# EXERCISE DESCRIPTION
For the records that follow, please set down exactly the lines between the one holding "(** Q_n = Qnum" and the one holding "Definition Qden (d", inclusive, and only those.

DATA START

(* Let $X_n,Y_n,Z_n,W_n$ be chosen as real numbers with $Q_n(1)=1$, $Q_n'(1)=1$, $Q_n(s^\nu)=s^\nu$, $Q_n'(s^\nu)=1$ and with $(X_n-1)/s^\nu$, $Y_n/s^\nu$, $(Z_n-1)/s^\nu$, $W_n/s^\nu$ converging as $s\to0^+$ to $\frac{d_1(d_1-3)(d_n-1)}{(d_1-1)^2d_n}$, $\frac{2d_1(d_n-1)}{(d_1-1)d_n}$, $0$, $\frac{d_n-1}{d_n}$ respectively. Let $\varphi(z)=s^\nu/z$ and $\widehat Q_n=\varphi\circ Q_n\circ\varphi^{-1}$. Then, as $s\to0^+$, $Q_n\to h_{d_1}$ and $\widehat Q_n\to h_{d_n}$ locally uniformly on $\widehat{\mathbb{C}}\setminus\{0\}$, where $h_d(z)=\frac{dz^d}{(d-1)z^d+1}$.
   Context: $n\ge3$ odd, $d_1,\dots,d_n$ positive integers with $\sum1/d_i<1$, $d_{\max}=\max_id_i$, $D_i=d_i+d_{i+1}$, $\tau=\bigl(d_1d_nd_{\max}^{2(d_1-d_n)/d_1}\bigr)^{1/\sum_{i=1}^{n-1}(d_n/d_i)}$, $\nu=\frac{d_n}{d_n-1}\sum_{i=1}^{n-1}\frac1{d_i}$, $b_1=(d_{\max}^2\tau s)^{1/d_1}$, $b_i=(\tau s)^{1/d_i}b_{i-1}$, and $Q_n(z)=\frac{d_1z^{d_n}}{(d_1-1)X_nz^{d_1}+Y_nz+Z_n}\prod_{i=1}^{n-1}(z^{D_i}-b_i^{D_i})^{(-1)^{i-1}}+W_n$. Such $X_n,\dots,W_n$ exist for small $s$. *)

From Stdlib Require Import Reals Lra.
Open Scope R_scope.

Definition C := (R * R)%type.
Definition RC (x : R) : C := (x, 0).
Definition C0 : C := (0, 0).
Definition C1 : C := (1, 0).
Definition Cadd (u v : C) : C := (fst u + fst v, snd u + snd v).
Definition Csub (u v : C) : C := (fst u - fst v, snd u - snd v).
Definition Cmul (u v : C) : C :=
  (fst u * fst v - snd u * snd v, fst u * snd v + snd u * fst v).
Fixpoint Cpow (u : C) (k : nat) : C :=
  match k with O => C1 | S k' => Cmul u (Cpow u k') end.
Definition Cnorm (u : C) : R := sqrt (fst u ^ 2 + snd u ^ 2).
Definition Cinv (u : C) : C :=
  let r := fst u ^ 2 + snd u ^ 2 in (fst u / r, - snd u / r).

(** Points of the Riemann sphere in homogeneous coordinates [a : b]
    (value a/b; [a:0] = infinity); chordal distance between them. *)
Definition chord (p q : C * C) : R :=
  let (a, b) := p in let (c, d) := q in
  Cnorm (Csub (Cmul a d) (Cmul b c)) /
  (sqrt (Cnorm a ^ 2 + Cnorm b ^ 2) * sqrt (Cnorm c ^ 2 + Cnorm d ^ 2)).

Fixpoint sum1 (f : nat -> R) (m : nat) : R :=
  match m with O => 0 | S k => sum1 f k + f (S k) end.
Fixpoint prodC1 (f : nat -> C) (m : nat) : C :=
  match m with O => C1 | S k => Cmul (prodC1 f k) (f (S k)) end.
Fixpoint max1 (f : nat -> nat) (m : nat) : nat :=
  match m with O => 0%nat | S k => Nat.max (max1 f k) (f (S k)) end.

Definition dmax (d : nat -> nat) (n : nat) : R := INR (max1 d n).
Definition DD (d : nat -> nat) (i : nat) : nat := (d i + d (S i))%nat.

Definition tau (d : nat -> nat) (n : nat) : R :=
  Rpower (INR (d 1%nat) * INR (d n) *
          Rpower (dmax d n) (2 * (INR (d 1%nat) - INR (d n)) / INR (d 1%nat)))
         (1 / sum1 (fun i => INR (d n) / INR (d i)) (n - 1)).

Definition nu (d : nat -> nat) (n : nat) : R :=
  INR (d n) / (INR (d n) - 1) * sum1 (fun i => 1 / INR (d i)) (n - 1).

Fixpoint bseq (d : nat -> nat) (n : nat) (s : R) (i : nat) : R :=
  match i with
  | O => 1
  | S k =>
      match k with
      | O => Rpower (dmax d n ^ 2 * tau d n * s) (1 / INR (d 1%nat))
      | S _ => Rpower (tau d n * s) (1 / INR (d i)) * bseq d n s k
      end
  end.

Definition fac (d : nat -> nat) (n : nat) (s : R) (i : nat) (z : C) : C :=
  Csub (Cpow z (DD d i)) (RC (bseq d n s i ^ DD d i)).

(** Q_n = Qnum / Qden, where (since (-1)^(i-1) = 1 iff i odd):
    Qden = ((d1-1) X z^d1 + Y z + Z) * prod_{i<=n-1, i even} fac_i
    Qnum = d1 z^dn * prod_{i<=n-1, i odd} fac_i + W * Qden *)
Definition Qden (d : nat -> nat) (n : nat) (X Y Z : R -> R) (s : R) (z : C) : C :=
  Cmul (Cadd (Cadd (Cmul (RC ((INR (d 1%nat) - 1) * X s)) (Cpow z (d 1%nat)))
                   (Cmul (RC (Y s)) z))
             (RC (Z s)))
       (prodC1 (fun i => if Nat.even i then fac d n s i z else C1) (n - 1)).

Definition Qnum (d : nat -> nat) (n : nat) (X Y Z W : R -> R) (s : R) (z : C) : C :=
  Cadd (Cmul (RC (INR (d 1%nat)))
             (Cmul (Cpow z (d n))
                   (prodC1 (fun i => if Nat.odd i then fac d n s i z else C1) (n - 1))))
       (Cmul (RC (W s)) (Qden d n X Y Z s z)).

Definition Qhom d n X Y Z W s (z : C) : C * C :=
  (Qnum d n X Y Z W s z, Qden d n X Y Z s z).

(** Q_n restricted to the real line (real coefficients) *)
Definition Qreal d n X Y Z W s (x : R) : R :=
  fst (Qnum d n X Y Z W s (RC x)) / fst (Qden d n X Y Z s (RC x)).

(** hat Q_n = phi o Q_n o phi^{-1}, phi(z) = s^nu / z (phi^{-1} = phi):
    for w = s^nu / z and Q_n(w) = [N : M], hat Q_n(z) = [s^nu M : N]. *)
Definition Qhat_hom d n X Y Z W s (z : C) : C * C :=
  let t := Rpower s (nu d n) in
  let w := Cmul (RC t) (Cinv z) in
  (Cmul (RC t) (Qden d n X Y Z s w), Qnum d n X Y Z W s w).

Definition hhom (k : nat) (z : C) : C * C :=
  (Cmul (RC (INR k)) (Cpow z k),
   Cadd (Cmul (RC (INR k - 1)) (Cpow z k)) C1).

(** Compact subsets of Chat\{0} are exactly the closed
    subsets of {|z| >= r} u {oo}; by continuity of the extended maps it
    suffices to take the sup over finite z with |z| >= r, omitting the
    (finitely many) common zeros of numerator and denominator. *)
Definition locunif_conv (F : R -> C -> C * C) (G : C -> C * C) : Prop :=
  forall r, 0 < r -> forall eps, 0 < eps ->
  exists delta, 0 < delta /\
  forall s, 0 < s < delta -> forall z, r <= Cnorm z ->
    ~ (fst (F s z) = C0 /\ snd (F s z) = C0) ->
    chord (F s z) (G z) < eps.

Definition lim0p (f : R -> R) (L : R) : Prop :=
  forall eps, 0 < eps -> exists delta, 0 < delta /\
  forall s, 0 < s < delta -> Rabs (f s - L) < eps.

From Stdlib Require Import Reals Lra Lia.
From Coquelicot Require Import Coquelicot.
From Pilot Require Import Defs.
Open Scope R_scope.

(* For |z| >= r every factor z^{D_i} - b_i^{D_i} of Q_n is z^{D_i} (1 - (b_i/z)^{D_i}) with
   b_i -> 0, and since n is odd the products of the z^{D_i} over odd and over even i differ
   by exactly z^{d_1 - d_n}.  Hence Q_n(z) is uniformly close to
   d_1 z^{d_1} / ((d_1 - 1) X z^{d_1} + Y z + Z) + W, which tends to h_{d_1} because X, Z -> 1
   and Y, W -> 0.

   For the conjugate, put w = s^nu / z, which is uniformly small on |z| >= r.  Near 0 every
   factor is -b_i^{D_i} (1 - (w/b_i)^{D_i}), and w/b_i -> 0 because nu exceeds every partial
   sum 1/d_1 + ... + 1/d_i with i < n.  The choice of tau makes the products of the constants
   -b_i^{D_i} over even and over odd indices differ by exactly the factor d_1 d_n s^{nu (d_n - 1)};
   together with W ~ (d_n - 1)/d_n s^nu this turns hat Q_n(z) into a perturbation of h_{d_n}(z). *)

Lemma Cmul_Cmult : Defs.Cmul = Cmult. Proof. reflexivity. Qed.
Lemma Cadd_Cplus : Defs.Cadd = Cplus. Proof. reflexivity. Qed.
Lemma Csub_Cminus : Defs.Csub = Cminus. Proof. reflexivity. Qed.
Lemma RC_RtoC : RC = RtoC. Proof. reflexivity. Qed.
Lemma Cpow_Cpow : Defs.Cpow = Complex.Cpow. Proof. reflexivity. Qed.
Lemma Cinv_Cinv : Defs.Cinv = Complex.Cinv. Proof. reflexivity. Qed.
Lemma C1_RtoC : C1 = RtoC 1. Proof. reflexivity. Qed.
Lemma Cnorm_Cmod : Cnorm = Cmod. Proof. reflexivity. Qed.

DATA END

# OUTPUT FOR THIS TASK
(** Q_n = Qnum / Qden, where (since (-1)^(i-1) = 1 iff i odd):
    Qden = ((d1-1) X z^d1 + Y z + Z) * prod_{i<=n-1, i even} fac_i
    Qnum = d1 z^dn * prod_{i<=n-1, i odd} fac_i + W * Qden *)
Definition Qden (d : nat -> nat) (n : nat) (X Y Z : R -> R) (s : R) (z : C) : C :=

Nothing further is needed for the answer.